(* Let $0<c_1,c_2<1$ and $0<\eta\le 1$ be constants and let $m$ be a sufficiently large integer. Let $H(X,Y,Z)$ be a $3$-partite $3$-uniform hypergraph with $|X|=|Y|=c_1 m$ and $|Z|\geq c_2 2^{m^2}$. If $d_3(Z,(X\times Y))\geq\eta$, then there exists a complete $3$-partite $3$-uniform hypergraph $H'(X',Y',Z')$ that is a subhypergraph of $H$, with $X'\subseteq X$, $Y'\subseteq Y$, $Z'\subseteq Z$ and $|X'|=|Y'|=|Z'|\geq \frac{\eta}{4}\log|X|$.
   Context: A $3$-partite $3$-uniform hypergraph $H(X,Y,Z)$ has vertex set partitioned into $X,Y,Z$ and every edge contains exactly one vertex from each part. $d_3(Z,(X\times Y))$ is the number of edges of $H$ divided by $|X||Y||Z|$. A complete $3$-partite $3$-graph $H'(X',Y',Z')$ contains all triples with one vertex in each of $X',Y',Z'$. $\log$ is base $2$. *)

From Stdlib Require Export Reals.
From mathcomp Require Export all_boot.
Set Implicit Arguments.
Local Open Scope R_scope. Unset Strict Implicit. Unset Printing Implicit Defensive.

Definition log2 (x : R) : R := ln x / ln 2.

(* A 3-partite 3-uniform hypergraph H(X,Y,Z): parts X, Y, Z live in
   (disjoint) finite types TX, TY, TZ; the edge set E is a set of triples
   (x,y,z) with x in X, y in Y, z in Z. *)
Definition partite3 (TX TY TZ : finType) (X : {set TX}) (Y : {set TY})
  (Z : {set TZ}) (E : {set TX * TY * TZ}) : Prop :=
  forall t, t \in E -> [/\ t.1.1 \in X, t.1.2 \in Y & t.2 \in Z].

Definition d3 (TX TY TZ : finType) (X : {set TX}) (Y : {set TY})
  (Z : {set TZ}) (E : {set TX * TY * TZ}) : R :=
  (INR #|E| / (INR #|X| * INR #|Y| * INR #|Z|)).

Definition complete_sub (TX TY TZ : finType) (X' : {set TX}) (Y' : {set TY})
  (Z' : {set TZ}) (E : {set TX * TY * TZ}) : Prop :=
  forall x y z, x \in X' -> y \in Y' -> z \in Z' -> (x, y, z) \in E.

===

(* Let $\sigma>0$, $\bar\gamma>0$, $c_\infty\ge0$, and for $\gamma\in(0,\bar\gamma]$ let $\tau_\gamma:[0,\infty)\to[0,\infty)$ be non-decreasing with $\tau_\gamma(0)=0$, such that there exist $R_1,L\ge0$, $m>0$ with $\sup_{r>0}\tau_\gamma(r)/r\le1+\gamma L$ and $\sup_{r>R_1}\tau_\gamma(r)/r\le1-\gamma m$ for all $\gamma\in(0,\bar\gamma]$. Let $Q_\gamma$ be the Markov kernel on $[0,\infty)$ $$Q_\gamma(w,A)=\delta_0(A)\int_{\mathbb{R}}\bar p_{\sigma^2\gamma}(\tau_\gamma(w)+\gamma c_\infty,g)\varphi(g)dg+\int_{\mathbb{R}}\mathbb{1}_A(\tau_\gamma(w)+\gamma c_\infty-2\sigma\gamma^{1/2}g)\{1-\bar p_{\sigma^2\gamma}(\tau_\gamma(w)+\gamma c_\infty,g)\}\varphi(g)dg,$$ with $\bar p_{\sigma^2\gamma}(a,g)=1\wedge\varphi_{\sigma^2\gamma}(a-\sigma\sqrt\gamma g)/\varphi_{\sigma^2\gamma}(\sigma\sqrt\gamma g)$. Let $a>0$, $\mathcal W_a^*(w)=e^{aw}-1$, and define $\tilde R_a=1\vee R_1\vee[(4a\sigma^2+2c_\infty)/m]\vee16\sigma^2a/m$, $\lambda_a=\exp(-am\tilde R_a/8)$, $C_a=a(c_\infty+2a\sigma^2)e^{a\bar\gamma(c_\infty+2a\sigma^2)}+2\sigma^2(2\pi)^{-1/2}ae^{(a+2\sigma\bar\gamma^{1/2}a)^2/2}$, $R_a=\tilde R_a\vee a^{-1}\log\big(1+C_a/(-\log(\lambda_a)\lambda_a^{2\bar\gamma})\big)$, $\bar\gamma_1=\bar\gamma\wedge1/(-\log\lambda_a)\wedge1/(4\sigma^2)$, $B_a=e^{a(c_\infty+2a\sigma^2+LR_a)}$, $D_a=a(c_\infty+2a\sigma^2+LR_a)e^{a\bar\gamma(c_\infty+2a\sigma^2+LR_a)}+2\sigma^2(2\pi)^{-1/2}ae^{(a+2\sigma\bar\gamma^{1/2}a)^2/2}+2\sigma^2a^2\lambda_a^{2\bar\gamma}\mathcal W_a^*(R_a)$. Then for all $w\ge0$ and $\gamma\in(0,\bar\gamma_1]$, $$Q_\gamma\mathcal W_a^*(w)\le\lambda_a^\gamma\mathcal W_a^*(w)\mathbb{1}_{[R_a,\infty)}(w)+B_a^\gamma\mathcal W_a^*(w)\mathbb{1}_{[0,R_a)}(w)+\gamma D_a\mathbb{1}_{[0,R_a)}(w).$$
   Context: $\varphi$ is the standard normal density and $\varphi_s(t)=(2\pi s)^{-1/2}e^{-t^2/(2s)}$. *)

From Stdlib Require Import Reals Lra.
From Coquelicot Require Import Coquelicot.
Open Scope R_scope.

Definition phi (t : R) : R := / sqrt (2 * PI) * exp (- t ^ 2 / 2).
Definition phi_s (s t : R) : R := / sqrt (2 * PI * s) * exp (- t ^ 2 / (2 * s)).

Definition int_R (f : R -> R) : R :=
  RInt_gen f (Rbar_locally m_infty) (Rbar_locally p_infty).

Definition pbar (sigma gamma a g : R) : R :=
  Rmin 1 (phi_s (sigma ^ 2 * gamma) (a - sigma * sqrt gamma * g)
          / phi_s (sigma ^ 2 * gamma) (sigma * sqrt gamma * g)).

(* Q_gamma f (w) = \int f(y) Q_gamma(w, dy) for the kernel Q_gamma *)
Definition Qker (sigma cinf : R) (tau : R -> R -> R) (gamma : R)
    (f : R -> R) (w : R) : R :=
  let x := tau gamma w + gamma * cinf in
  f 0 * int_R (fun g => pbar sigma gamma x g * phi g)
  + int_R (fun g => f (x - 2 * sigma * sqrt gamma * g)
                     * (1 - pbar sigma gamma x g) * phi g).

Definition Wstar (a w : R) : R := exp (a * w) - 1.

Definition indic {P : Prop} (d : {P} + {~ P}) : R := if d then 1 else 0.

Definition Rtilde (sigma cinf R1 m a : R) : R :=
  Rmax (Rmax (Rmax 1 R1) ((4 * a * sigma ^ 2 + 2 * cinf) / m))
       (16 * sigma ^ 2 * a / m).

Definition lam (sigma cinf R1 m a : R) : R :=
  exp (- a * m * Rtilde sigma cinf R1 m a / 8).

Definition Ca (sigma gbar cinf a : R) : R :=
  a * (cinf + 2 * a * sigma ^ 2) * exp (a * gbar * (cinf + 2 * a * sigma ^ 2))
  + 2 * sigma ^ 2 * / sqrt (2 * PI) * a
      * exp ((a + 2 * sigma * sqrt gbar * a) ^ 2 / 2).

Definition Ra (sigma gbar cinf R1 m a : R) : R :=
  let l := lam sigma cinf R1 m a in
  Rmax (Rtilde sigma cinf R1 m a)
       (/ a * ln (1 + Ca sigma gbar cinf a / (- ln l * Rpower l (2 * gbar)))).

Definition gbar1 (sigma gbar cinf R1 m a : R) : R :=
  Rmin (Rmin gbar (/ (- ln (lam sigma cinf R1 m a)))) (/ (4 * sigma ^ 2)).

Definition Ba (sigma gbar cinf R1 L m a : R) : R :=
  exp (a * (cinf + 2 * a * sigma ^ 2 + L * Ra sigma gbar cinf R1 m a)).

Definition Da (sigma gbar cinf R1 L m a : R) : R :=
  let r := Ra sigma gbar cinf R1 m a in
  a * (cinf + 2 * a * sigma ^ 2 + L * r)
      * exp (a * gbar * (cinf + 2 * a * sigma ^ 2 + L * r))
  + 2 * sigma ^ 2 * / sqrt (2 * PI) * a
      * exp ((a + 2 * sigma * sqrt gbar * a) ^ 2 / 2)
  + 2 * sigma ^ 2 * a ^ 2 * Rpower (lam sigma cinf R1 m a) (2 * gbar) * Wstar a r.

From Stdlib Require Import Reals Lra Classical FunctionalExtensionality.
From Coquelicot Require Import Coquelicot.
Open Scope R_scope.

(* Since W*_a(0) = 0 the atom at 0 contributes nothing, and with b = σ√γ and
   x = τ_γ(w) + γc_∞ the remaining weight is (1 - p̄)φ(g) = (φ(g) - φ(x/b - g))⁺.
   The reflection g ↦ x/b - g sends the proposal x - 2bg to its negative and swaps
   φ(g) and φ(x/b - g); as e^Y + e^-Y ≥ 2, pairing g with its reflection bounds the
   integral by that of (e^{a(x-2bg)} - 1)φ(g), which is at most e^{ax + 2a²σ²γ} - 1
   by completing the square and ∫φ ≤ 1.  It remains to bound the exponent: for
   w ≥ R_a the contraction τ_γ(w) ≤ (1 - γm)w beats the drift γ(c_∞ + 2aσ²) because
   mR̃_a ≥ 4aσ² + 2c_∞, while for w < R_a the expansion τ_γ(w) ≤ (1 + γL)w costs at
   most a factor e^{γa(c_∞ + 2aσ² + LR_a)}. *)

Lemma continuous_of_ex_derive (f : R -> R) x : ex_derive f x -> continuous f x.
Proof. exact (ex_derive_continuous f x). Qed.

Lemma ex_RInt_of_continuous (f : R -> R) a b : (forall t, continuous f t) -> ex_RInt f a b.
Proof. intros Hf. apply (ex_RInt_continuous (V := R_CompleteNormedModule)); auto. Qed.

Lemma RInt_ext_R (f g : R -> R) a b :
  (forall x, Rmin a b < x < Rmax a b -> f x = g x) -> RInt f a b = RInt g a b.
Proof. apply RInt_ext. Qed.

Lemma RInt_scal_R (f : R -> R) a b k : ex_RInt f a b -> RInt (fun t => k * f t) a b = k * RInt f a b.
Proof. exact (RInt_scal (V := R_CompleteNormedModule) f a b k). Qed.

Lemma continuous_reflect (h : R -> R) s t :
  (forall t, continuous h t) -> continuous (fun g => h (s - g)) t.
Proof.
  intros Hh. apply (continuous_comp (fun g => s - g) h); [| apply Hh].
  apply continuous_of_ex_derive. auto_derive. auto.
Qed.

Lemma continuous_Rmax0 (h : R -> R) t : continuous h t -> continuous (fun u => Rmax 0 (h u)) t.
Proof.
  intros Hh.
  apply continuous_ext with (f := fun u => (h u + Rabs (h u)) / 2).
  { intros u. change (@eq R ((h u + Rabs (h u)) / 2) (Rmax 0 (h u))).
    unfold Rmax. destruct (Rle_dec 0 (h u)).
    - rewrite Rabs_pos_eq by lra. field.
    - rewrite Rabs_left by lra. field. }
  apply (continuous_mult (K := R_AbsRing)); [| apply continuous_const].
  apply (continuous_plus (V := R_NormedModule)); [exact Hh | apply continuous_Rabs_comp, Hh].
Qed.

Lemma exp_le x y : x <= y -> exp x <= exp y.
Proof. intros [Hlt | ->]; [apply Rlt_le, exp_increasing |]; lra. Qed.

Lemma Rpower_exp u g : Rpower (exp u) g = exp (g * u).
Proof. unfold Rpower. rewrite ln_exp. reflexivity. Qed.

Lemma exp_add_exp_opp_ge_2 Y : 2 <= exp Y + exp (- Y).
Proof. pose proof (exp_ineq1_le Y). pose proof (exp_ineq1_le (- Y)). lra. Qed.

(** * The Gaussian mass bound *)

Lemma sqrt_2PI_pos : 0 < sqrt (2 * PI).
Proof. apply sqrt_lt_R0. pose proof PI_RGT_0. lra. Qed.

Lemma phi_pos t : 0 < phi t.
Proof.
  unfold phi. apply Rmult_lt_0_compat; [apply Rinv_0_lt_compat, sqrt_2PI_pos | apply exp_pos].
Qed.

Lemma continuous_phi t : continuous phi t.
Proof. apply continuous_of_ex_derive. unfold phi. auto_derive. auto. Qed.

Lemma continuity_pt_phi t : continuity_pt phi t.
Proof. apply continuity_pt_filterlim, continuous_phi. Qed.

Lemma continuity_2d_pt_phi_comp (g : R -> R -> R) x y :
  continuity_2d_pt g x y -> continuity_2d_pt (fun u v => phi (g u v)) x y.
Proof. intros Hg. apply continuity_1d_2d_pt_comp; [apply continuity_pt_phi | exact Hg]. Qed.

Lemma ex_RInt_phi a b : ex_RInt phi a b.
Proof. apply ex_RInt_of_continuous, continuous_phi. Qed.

===

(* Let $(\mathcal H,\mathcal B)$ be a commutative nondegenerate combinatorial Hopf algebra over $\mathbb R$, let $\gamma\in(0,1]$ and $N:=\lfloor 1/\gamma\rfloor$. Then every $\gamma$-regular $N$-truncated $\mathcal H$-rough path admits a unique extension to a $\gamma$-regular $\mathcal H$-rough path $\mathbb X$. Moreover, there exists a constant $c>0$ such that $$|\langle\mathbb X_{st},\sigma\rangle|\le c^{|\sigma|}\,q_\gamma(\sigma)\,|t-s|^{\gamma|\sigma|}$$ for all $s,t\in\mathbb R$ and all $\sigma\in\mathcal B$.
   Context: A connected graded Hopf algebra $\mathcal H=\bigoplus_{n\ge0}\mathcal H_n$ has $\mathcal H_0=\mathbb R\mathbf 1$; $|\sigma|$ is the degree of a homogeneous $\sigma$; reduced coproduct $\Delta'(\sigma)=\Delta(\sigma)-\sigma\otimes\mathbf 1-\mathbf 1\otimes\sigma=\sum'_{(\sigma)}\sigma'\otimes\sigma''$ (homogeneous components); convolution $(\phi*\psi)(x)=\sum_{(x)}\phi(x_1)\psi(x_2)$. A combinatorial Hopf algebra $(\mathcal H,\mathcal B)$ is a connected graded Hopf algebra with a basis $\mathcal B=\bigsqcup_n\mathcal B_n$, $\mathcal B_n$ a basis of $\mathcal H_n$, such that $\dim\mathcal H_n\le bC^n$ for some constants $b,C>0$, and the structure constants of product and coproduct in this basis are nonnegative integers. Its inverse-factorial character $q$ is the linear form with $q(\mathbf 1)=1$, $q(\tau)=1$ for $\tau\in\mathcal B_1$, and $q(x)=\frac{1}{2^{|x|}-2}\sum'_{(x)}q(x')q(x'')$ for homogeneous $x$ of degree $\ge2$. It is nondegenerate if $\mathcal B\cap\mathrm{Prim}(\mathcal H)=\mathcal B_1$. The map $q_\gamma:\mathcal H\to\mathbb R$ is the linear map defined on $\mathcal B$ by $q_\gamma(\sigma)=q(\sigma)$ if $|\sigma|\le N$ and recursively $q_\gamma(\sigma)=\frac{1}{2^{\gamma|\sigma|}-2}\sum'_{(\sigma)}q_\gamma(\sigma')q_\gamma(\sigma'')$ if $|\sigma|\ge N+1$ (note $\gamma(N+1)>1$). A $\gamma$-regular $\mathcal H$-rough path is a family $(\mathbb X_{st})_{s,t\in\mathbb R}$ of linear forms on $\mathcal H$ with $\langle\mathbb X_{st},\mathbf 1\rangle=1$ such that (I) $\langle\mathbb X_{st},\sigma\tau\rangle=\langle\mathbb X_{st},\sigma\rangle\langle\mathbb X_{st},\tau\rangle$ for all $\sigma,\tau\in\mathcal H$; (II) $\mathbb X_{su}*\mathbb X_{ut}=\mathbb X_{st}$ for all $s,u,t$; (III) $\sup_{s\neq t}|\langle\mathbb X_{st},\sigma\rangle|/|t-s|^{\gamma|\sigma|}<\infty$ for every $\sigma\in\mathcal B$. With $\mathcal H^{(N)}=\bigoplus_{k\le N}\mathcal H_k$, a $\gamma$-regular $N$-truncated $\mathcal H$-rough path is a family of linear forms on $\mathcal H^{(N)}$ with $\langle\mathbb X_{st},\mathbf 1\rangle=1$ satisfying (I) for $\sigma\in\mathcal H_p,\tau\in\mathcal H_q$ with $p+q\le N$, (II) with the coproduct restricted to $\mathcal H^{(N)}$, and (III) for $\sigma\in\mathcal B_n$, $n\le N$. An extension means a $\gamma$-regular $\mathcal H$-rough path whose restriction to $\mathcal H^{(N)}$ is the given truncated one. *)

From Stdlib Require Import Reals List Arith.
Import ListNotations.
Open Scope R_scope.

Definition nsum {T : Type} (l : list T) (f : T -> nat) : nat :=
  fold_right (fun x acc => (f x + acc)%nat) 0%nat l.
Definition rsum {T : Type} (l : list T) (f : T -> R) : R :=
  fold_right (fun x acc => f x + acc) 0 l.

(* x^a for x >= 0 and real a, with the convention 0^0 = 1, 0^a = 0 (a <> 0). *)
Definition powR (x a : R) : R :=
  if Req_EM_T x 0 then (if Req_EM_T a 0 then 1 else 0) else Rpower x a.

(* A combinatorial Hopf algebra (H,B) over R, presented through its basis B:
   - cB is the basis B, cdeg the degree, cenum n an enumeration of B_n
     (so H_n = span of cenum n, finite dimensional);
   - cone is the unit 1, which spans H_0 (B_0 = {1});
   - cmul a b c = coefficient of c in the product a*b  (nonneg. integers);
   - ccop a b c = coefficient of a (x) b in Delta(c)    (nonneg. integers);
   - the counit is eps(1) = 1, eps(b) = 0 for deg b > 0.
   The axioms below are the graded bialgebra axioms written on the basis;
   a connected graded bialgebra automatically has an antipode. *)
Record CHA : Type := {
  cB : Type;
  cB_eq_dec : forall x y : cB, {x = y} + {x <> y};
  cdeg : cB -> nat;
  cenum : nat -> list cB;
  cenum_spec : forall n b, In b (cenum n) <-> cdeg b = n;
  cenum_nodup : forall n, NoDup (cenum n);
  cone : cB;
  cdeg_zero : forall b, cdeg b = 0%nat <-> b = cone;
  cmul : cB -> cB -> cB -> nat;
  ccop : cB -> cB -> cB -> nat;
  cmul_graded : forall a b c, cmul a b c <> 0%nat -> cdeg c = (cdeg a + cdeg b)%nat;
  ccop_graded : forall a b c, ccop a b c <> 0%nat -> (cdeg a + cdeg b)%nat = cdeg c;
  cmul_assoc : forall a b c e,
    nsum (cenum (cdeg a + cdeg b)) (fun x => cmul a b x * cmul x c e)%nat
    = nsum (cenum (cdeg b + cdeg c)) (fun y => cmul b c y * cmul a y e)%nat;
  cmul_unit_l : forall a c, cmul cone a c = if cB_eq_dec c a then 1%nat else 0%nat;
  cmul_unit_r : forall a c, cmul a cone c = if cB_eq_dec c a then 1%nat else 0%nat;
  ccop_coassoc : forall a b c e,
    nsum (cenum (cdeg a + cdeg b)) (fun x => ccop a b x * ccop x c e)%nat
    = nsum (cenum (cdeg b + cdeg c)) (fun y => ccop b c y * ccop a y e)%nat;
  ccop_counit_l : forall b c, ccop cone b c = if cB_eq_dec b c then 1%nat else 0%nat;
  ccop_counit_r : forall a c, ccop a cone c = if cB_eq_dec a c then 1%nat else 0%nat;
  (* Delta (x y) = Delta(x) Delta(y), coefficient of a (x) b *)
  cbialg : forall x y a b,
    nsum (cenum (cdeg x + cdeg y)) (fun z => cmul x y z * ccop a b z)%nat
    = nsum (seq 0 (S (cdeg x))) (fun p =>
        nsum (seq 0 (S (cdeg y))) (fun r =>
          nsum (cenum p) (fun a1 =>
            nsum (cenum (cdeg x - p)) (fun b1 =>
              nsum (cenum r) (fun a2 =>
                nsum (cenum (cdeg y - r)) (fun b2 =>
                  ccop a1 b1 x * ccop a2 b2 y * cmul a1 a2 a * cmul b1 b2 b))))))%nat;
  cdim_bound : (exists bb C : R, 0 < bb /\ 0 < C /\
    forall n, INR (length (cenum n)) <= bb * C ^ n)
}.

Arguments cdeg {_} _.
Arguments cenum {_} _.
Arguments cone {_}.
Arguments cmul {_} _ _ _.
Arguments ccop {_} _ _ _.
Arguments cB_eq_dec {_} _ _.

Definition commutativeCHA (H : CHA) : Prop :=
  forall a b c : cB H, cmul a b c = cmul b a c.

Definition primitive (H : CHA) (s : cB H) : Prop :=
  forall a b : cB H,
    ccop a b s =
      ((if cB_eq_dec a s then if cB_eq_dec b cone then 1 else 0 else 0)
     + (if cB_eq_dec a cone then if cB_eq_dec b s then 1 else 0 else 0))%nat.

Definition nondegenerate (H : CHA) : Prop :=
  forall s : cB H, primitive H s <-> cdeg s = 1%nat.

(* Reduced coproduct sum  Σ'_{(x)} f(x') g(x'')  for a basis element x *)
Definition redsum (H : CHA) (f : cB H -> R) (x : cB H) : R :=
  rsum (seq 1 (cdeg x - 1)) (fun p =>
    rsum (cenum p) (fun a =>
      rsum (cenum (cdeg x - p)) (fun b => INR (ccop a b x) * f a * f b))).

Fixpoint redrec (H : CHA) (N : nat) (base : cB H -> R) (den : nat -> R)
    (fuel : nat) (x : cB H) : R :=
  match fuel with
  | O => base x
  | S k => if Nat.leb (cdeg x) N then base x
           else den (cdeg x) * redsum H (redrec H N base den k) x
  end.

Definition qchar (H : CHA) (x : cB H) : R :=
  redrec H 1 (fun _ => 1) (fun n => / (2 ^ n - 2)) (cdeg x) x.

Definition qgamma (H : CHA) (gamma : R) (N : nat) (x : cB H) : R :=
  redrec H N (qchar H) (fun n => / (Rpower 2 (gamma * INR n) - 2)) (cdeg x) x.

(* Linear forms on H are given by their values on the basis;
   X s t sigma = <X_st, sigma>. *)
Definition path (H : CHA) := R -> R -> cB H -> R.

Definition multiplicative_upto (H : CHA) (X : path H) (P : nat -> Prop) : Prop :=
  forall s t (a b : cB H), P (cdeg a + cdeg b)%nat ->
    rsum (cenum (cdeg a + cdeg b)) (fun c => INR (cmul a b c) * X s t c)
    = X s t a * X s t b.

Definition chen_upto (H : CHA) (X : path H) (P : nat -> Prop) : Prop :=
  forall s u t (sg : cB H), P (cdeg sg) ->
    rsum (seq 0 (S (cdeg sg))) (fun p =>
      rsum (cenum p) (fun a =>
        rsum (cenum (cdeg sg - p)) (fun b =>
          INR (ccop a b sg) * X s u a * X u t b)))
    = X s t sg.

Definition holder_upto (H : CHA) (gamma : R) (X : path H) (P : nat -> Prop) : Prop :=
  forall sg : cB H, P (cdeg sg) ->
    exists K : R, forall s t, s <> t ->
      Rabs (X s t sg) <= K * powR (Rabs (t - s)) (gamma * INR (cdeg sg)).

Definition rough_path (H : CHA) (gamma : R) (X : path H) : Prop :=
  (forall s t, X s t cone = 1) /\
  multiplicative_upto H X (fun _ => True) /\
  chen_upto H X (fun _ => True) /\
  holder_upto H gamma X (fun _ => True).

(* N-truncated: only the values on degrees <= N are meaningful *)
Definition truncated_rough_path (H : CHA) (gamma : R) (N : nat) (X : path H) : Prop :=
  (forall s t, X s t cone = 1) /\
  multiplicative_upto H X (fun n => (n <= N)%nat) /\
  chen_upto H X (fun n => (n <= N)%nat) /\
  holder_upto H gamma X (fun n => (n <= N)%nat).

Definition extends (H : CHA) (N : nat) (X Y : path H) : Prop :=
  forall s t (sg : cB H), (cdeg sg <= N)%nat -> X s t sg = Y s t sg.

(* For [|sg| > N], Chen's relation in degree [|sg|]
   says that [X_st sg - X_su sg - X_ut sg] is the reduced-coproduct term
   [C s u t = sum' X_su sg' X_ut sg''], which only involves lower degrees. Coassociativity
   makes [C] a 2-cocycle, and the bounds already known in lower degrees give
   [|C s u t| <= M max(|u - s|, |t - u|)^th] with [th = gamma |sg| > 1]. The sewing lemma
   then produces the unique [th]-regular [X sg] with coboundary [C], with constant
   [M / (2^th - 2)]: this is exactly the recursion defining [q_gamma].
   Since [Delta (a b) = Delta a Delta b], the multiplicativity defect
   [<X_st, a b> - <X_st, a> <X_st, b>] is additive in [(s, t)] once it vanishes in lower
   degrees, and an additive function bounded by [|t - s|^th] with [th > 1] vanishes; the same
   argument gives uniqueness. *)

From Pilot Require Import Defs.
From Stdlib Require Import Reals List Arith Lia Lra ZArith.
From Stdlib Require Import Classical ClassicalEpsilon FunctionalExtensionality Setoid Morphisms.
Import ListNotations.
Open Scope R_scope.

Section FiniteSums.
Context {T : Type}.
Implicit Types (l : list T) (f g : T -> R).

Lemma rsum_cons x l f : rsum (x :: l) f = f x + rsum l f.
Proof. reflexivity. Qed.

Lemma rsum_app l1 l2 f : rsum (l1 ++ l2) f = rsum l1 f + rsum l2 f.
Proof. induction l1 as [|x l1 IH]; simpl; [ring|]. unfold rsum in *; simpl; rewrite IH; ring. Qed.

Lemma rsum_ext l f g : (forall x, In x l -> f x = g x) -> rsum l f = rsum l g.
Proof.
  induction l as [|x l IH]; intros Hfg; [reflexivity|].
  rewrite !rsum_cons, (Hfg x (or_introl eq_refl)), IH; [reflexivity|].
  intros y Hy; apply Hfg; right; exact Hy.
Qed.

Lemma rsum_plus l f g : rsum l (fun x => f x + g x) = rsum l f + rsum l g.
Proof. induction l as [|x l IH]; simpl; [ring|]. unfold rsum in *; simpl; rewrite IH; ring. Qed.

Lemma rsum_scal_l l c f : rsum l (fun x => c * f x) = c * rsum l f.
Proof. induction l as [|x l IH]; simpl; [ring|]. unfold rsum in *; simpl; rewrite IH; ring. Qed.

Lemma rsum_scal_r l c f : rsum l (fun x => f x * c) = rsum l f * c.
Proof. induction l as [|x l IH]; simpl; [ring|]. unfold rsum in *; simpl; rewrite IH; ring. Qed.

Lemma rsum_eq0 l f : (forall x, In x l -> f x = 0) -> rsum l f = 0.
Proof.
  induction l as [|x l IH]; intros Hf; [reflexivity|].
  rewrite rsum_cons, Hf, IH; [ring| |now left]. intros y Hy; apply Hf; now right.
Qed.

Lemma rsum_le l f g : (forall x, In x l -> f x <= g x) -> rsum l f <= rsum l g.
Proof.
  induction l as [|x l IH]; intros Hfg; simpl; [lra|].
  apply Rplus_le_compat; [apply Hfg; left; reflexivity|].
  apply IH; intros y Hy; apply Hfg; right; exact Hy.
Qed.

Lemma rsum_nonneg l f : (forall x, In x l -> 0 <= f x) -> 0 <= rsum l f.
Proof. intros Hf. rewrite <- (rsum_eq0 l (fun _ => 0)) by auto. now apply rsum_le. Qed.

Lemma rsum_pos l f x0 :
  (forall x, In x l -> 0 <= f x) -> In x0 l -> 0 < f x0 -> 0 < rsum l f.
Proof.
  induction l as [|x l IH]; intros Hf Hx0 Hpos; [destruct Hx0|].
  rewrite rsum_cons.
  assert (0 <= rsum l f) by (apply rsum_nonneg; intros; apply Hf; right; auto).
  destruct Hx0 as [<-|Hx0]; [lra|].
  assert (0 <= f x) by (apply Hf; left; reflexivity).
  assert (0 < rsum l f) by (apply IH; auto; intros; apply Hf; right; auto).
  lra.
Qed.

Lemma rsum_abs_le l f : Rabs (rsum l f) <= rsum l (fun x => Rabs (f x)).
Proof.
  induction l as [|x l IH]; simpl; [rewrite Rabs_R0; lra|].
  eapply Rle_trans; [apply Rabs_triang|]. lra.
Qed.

===

#### Requirement:
Within the material above, output exactly the lines from the one with "Proof. intros Hf. rewrite" through the one with "rewrite rsum_cons.", end lines included, and nothing besides.

#### Exercise result:
Proof. intros Hf. rewrite <- (rsum_eq0 l (fun _ => 0)) by auto. now apply rsum_le. Qed.

Lemma rsum_pos l f x0 :
  (forall x, In x l -> 0 <= f x) -> In x0 l -> 0 < f x0 -> 0 < rsum l f.
Proof.
  induction l as [|x l IH]; intros Hf Hx0 Hpos; [destruct Hx0|].
  rewrite rsum_cons.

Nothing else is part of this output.